◆ Task data
Definition has_just_infinite_image (V : lmodType F) (br : V -> V -> V) : Prop :=
  exists (W : lmodType F) (brW : W -> W -> W) (f : V -> W),
    [/\ is_lie brW, lie_hom br brW f, (forall w, exists v, f v = w) &
        just_infinite brW].

End Lie.

(* By Zorn's lemma there is an ideal A of infinite codimension that is maximal
   among such ideals: a chain of ideals of infinite codimension has a union of
   infinite codimension because L is finitely generated, so finite
   codimension of an ideal C is witnessed by finitely many elements of C (the
   residues of the generators a_i and of the [s_j, a_i] modulo a finite list
   s), and these all lie in a single member of the chain. Ideals of L/A are
   preimages of ideals strictly containing A, so L/A is just infinite. *)
From HB Require Import structures.
From mathcomp Require Import all_boot all_order all_algebra.
From mathcomp Require Import boolp generic_quotient classical_sets.
Set Implicit Arguments. Unset Strict Implicit. Unset Printing Implicit Defensive.
Import GRing.Theory.
Local Open Scope classical_set_scope.
Local Open Scope quotient_scope.
Local Open Scope ring_scope.

Section LieBracket.
Variables (F : fieldType) (L : lmodType F) (br : L -> L -> L).
Hypothesis Hlie : is_lie br.

Lemma brDl x y z : br (x + y) z = br x z + br y z.
Proof. by case: Hlie => linl _ _ _; have := linl 1 x y z; rewrite !scale1r. Qed.
Lemma brDr x y z : br z (x + y) = br z x + br z y.
Proof. by case: Hlie => _ linr _ _; have := linr 1 x y z; rewrite !scale1r. Qed.
Lemma br0l z : br 0 z = 0.
Proof. by apply: (addrI (br 0 z)); rewrite -brDl !addr0. Qed.
Lemma br0r z : br z 0 = 0.
Proof. by apply: (addrI (br z 0)); rewrite -brDr !addr0. Qed.
Lemma brZl c x z : br (c *: x) z = c *: br x z.
Proof. by case: Hlie => linl _ _ _; have := linl c x 0 z; rewrite !addr0 br0l addr0. Qed.
Lemma brZr c x z : br z (c *: x) = c *: br z x.
Proof. by case: Hlie => _ linr _ _; have := linr c x 0 z; rewrite !addr0 br0r addr0. Qed.
Lemma brNl x z : br (- x) z = - br x z.
Proof. by rewrite -scaleN1r brZl scaleN1r. Qed.
Lemma brNr x z : br z (- x) = - br z x.
Proof. by rewrite -scaleN1r brZr scaleN1r. Qed.
Lemma brBl x y z : br (x - y) z = br x z - br y z.
Proof. by rewrite brDl brNl. Qed.
Lemma brBr x y z : br z (x - y) = br z x - br z y.
Proof. by rewrite brDr brNr. Qed.

Lemma br_suml I (r : seq I) (P : pred I) (f : I -> L) z :
  br (\sum_(i <- r | P i) f i) z = \sum_(i <- r | P i) br (f i) z.
Proof. by apply: (big_morph (br^~ z)) => [x y|]; rewrite ?brDl ?br0l. Qed.

Lemma br_antisym x y : br x y = - br y x.
Proof.
case: Hlie => _ _ alt _; apply/eqP; rewrite -addr_eq0; apply/eqP.
by have := alt (x + y); rewrite brDl !brDr !alt add0r addr0.
Qed.

Lemma br_jacobi x y z : br x (br y z) = br (br x y) z - br (br x z) y.
Proof.
case: Hlie => _ _ _ jac; apply/eqP; rewrite -subr_eq0 opprB addrA.
rewrite (br_antisym (br x y)) (br_antisym (br x z)) (br_antisym x z) brNr.
by rewrite !opprK jac.
Qed.

End LieBracket.

Section Generation.
Variables (F : fieldType) (L : lmodType F) (br : L -> L -> L).
Hypothesis Hlie : is_lie br.
Variables (m : nat) (a : 'I_m -> L).

Inductive right_normed_span : L -> Prop :=
| rns_gen i : right_normed_span (a i)
| rns0 : right_normed_span 0
| rnsD x y : right_normed_span x -> right_normed_span y -> right_normed_span (x + y)
| rnsZ (c : F) x : right_normed_span x -> right_normed_span (c *: x)
| rns_ad x i : right_normed_span x -> right_normed_span (br x (a i)).

Lemma right_normed_span_br y :
  right_normed_span y -> forall x, right_normed_span x -> right_normed_span (br x y).
Proof.
elim=> {y} [i||y1 y2 _ IH1 _ IH2|c y _ IH|y i _ IH] x hx.
- exact: rns_ad.
- by rewrite br0r //; apply: rns0.
- by rewrite brDr //; apply: rnsD; [apply: IH1 | apply: IH2].
- by rewrite brZr //; apply: rnsZ; apply: IH.
- rewrite br_jacobi // -scaleN1r.
  by apply: rnsD; [apply: rns_ad | apply: rnsZ]; apply: IH => //; apply: rns_ad.
Qed.

Lemma lie_subalg_right_normed v : lie_subalg br a v -> right_normed_span v.
Proof.
elim=> {v} [i||x y _ ? _ ?|c x _ ?|x y _ ? _ ?].
- exact: rns_gen.
- exact: rns0.
- exact: rnsD.
- exact: rnsZ.
- exact: right_normed_span_br.
Qed.

Lemma lie_generated_ad_stable (P : L -> Prop) :
  lie_generated br a ->
  P 0 -> (forall x y, P x -> P y -> P (x + y)) -> (forall c x, P x -> P (c *: x)) ->
  (forall i, P (a i)) -> (forall x i, P x -> P (br x (a i))) ->
  forall v, P v.
Proof.
move=> gen P0 PD PZ Pa Pad v.
by elim: (lie_subalg_right_normed (gen v)) => *; auto.
Qed.

End Generation.

Section FiniteCodimension.
Variables (F : fieldType) (L : lmodType F) (br : L -> L -> L).
Hypothesis Hlie : is_lie br.
Variables (C : L -> Prop) (s : seq L).
Hypothesis HC : is_ideal br C.

Definition span_mod (v : L) : Prop :=
  exists c : 'I_(size s) -> F, C (v - \sum_(k < size s) c k *: s`_k).

Lemma span_mod_ideal v : C v -> span_mod v.
Proof.
move=> Cv; exists (fun=> 0).
by rewrite big1 ?subr0 // => k _; rewrite scale0r.
Qed.

Lemma span_modD x y : span_mod x -> span_mod y -> span_mod (x + y).
Proof.
case: HC => _ CD _ _ [c1 h1] [c2 h2]; exists (fun k => c1 k + c2 k).
under eq_bigr do rewrite scalerDl.
by rewrite big_split opprD addrACA; apply: CD.
Qed.

Lemma span_modZ c x : span_mod x -> span_mod (c *: x).
Proof.
case: HC => _ _ CZ _ [c1 h1]; exists (fun k => c * c1 k).
under eq_bigr do rewrite -scalerA.
by rewrite -scaler_sumr -scalerBr; apply: CZ.
Qed.

Lemma span_mod_lincomb n (c : 'I_n -> F) (u : 'I_n -> L) :
  (forall k, span_mod (u k)) -> span_mod (\sum_(k < n) c k *: u k).
Proof.
move=> hu; apply: (big_ind span_mod) => [||k _]; last exact/span_modZ/hu.
- by case: HC => C0 _ _ _; apply: span_mod_ideal.
- exact: span_modD.
Qed.

Lemma finite_codim_generated m (a : 'I_m -> L) :
  lie_generated br a ->
  (forall i, span_mod (a i)) -> (forall i (j : 'I_(size s)), span_mod (br s`_j (a i))) ->
  finite_codim C.
Proof.
case: HC => C0 _ _ CB gen Ha Hsa; exists s.
apply: (lie_generated_ad_stable Hlie gen) => //.
- exact: span_mod_ideal.
- exact: span_modD.
- exact: span_modZ.
move=> x i [c Cx]; rewrite -(subrK (\sum_(k < size s) c k *: s`_k) x).
rewrite brDl // br_suml //; apply: span_modD; first exact/span_mod_ideal/CB.
under eq_bigr do rewrite brZl //.
exact: span_mod_lincomb.
Qed.

End FiniteCodimension.

Lemma chain_bigcup_seq (T : eqType) (Fm : set (set T)) (X0 : set T) :
  Fm X0 -> total_on Fm subset -> forall l : seq T,
  (forall y, y \in l -> (\bigcup_(X in Fm) X) y) ->
  exists2 X, Fm X & forall y, y \in l -> X y.
Proof.
move=> FX0 Ftot; elim=> [|y l IH] hl; first by exists X0.
have [X FX Xl] := IH (fun z zl => hl z (mem_behead (s := y :: l) zl)).
have [Y FY Yy] := hl y (mem_head _ _).
have [XY|YX] := Ftot X Y FX FY.
- by exists Y => // z; rewrite inE => /predU1P[->|/Xl/XY].
- by exists X => // z; rewrite inE => /predU1P[->|/Xl]; [apply: YX|].
Qed.

Section Chains.
Variables (F : fieldType) (L : lmodType F) (br : L -> L -> L).
Hypothesis Hlie : is_lie br.
Variables (Fm : set (set L)) (X0 : set L).
Hypotheses (FmX0 : Fm X0) (Fm_ideal : forall X, Fm X -> is_ideal br X)
  (Fm_chain : total_on Fm subset).

Lemma bigcup_chain_ideal : is_ideal br (\bigcup_(X in Fm) X).
Proof.
split.
- by exists X0 => //; case: (Fm_ideal FmX0).
- move=> x y [X FX Xx] [Y FY Yy].
  have [Z FZ Zxy] : exists2 Z, Fm Z & forall z, z \in [:: x; y] -> Z z.
    apply: (chain_bigcup_seq FmX0 Fm_chain) => z.
    by rewrite !inE => /orP[]/eqP->; [exists X | exists Y].
  exists Z => //; case: (Fm_ideal FZ) => _ ZD _ _.
  by apply: ZD; apply: Zxy; rewrite !inE eqxx ?orbT.
- by move=> c x [X FX Xx]; exists X => //; case: (Fm_ideal FX) => _ _ XZ _; apply: XZ.
- by move=> x y [X FX Xx]; exists X => //; case: (Fm_ideal FX) => _ _ _ XB; apply: XB.
Qed.

Lemma finite_codim_bigcup_chain m (a : 'I_m -> L) :
  lie_generated br a -> finite_codim (\bigcup_(X in Fm) X) ->
  exists2 X, Fm X & finite_codim X.
Proof.
move=> gen [s hs]; have [c hc] := choice hs.
pose res v := v - \sum_(k < size s) c v k *: s`_k.
pose l := [seq res (a i) | i : 'I_m] ++
          [seq res (br s`_ij.2 (a ij.1)) | ij : 'I_m * 'I_(size s)].
have [X FX Xl] : exists2 X, Fm X & forall y, y \in l -> X y.
  apply: (chain_bigcup_seq FmX0 Fm_chain) => y.
  by rewrite /l mem_cat => /orP[] /mapP [t _ ->]; apply: hc.
exists X => //; apply: (finite_codim_generated Hlie (Fm_ideal FX) gen).
- move=> i; exists (c (a i)); apply: Xl; rewrite mem_cat; apply/orP; left.
  by apply/mapP; exists i; rewrite ?mem_enum.
- move=> i j; exists (c (br s`_j (a i))); apply: Xl; rewrite mem_cat; apply/orP; right.
  by apply/mapP; exists (i, j); rewrite ?mem_enum.
Qed.

End Chains.

Lemma finite_codim0 (F : fieldType) (L : lmodType F) :
  finite_codim [set 0 : L] -> finite_dim L.
Proof.
case=> s hs; exists s => v; have [c hc] := hs v.
by exists c; apply/eqP; rewrite -subr_eq0; apply/eqP.
Qed.

Section MaximalIdeal.
Variables (F : fieldType) (L : lmodType F) (br : L -> L -> L).
Hypothesis Hlie : is_lie br.

Lemma ideal0 : is_ideal br [set 0].
Proof.
split=> // [x y -> ->|c x ->|x y ->]; by rewrite ?addr0 ?scaler0 ?br0l.
Qed.

(* The empty set is allowed so that the empty chain has an upper bound. *)
Let ideal_inf_codim0 (X : set L) := X = set0 \/ (is_ideal br X /\ ~ finite_codim X).

Let bigcup_chain_ideal_inf_codim0 m (a : 'I_m -> L) : lie_generated br a ->
  forall Fm : set (set L), Fm `<=` ideal_inf_codim0 -> total_on Fm subset ->
  ideal_inf_codim0 (\bigcup_(X in Fm) X).
Proof.
move=> gen Fm FmP Fm_chain.
pose Fm' := Fm `&` [set X | X 0].
have Fm'_chain : total_on Fm' subset by move=> X Y [FX _] [FY _]; apply: Fm_chain.
have Fm'_inf X : Fm' X -> is_ideal br X /\ ~ finite_codim X.
  by case=> /FmP[->|//] [].
have -> : \bigcup_(X in Fm) X = \bigcup_(X in Fm') X.
  apply/seteqP; split=> x [X FX Xx]; last by exists X => //; case: FX.
  exists X => //; split=> //.
  by case: (FmP X FX) => [eX|[[]]] //; rewrite eX in Xx.
have [[X0 FmX0]|none] := pselect (exists X, Fm' X); last first.
  by left; apply/seteqP; split=> x // [X FX _]; apply: none; exists X.
have Fm'_ideal X : Fm' X -> is_ideal br X by case/Fm'_inf.
right; split; first exact: (bigcup_chain_ideal FmX0 Fm'_ideal).
by case/(finite_codim_bigcup_chain Hlie FmX0 Fm'_ideal Fm'_chain gen) => X /Fm'_inf[].
Qed.

Lemma exists_maximal_infinite_codim_ideal m (a : 'I_m -> L) :
  lie_generated br a -> infinite_dim L ->
  exists A, [/\ is_ideal br A, ~ finite_codim A &
    forall B, is_ideal br B -> A `<` B -> finite_codim B].
Proof.
move=> gen Linf.
have [A [[A0|[Aideal Ainf]] Amax]] := Zorn_bigcup (bigcup_chain_ideal_inf_codim0 gen).
- exfalso; apply: (Amax [set 0]); last by right; split; [exact: ideal0 | move/finite_codim0].
  by rewrite A0; split=> // /(_ 0 erefl).
- exists A; split=> // B Bideal AB; apply: contrapT => Binf.
  by apply: (Amax B AB); right.
Qed.

End MaximalIdeal.

Lemma lincomb_map (F : fieldType) (V W : lmodType F) (f : W -> V) (s : seq W)
    (c : 'I_(size s) -> F) :
  exists c' : 'I_(size (map f s)) -> F,
    \sum_(k < size (map f s)) c' k *: (map f s)`_k = \sum_(k < size s) c k *: f s`_k.
Proof.
elim: s c => [|x s IH] c /=; first by exists (fun=> 0); rewrite !big_ord0.
have [c' Ec'] := IH (fun k => c (lift ord0 k)).
exists (fun k => if unlift ord0 k is Some k' then c' k' else c ord0).
rewrite !big_ord_recl /= unlift_none -Ec'; congr (_ + _).
by apply: eq_bigr => k _; rewrite liftK.
Qed.

Section QuotientModule.
Variables (F : fieldType) (L : lmodType F) (A : L -> Prop).
Hypotheses (A0 : A 0) (AD : forall x y, A x -> A y -> A (x + y))
  (AZ : forall (c : F) x, A x -> A (c *: x)).

Let AN x : A x -> A (- x).
Proof. by rewrite -scaleN1r; apply: AZ. Qed.

Definition quot_rel : rel L := fun x y => `[< A (x - y) >].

◆ Goal of the exercise
Would you please copy all lines in the data that contain the word "subset"?

◆ Answer
  Fm X0 -> total_on Fm subset -> forall l : seq T,
  (Fm_chain : total_on Fm subset).
  forall Fm : set (set L), Fm `<=` ideal_inf_codim0 -> total_on Fm subset ->
have Fm'_chain : total_on Fm' subset by move=> X Y [FX _] [FY _]; apply: Fm_chain.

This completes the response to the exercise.